Previous studies using melon germplasm from family farming showed the existence of high variability among melon accessions (DANTAS et al., 2012; ARAGÃO et al., 2013; AMORIM et al., 2016; MACÊDO et al., 2017; ANDRADE et al., 2019). However, some important characters for the improvement of melon were not emphasized in these studies, mainly regarding characteristics of some botanical varieties (PITRAT; HANELT; HAMMER, 2000), which are believed to be important factors and, therefore, should be considered.
Information on genetic factors is essential for any breeding program to identify and maintain favorable alleles; thus, obtaining estimates of genetic parameters is essential to identify the action of alleles involved in controlling characters and estimate genetic gains by selection. (CRUZ; CARNEIRO; REGAZI, 2014).
Melons from traditional agriculture are an important source of alleles for breeding programs.
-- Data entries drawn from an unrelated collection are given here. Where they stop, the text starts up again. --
Let integrand_continuous k :
  forall t, continuous (fun t => gnum m1 m2 t k * pp r d t) t.
Proof.
  apply smooth_continuous; intros n.
  apply derivable_n_mult; [apply gnum_smooth | apply pp_smooth].
Qed.

Lemma gnum_int_derive k :
  is_derive (gnum_int m1 m2 r d) k (RInt (fun t => gnum_dk m1 m2 t k * pp r d t) (-1) 1).
Proof.
  assert (HD : forall u v, Derive (fun z => gnum m1 m2 v z * pp r d v) u
                           = gnum_dk m1 m2 v u * pp r d v).
  { intros u v; apply is_derive_unique; unfold gnum, gnum_dk.
    auto_derive; [auto | field; lra]. }
  unfold gnum_int; erewrite RInt_ext.
  2: { intros t _; symmetry; apply HD. }
  apply (is_derive_RInt_param (fun u t => gnum m1 m2 t u * pp r d t)).
  - apply filter_forall; intros u t _; unfold gnum; auto_derive; auto.
  - intros t _.
    apply (continuity_2d_pt_ext (fun u v => gnum_dk m1 m2 v u * pp r d v));
      [intros; symmetry; apply HD|].
    unfold gnum_dk.
    repeat first
      [ apply continuity_2d_pt_mult | apply continuity_2d_pt_minus | apply continuity_2d_pt_opp
      | apply continuity_2d_pt_id1 | apply continuity_2d_pt_id2 | apply continuity_2d_pt_const
      | apply (continuity_1d_2d_pt_comp exp);
          [apply derivable_continuous_pt, derivable_pt_exp|]
      | apply (continuity_1d_2d_pt_comp (pp r d) (fun _ v => v));
          [apply smooth_continuity_pt, pp_smooth|] ].
  - apply filter_forall; intros u.
    apply (ex_RInt_continuous (V := R_CompleteNormedModule)); intros t _; apply integrand_continuous.
Qed.

Lemma gnum_int_at_0 : gnum_int m1 m2 r d 0 = 0.
Proof.
  unfold gnum_int; rewrite (RInt_ext _ (fun _ => 0)).
  - rewrite RInt_const; apply Rmult_0_r.
  - intros t _; unfold gnum; rewrite Ropp_0, Rmult_0_l, exp_0.
    R_eq; field; lra.
Qed.

Lemma gnum_int_derive_at_0 : is_derive (gnum_int m1 m2 r d) 0 (profile m1 m2 r d 0 1).
Proof.
  replace (profile m1 m2 r d 0 1) with (RInt (fun t => gnum_dk m1 m2 t 0 * pp r d t) (-1) 1).
  - apply gnum_int_derive.
  - apply RInt_ext; intros t _; unfold gnum_dk; rewrite g_0, Ropp_0, Rmult_0_l, exp_0.
    R_eq; field; lra.
Qed.

Lemma profile_at_1_neq_0 k : k <> 0 ->
  profile m1 m2 r d k 1 = 2 / (exp k - exp (- k)) * gnum_int m1 m2 r d k.
Proof.
  intros Hk; unfold profile, gnum_int.
  rewrite <- (RInt_scal (V := R_CompleteNormedModule)).
  - apply RInt_ext; intros t _; rewrite g_neq_0 by auto.
    change (scal ?x ?y) with (x * y).
    R_eq; field; apply sinh_neq_0, Hk.
  - apply (ex_RInt_continuous (V := R_CompleteNormedModule)); intros t _; apply integrand_continuous.
Qed.

Let exp_pp_continuous k : forall t, continuous (fun t => exp (- k * t) * pp r d t) t.
Proof.
  apply smooth_continuous; intros n.
  apply derivable_n_mult; [apply derivable_n_exp_scal | apply pp_smooth].
Qed.

Let pp_continuous : forall t, continuous (pp r d) t.
Proof. apply smooth_continuous, pp_smooth. Qed.

Lemma gnum_int_split k : gnum_int m1 m2 r d k =
  (/ INR m1 + / INR m2) * RInt (fun t => exp (- k * t) * pp r d t) (-1) 1
  - (exp k / INR m1 + exp (- k) / INR m2) * RInt (pp r d) (-1) 1.
Proof.
  assert (Hex : forall f, (forall t, continuous f t) -> ex_RInt f (-1) 1)
    by (intros f Hf; apply (ex_RInt_continuous (V := R_CompleteNormedModule)); auto).
  unfold gnum_int.
  rewrite <- !(RInt_scal (V := R_CompleteNormedModule)) by auto.
  rewrite <- (RInt_minus (V := R_CompleteNormedModule))
    by (apply (ex_RInt_scal (V := R_CompleteNormedModule)); auto).
  apply RInt_ext; intros t _; unfold gnum.
  change (minus ?x ?y) with (x - y); change (scal ?x ?y) with (x * y).
  R_eq; ring.
Qed.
Although several studies have shown variability among melon accessions (AMORIM et al., 2016; MACÊDO et al., 2017), there is no study on this germplasm, focused on generating information for selection of genotypes. It denotes the need for studies using melon germplasm from family farmers for morphological characterization of different botanical varieties based on genetic parameters, focused on selecting superior genotypes.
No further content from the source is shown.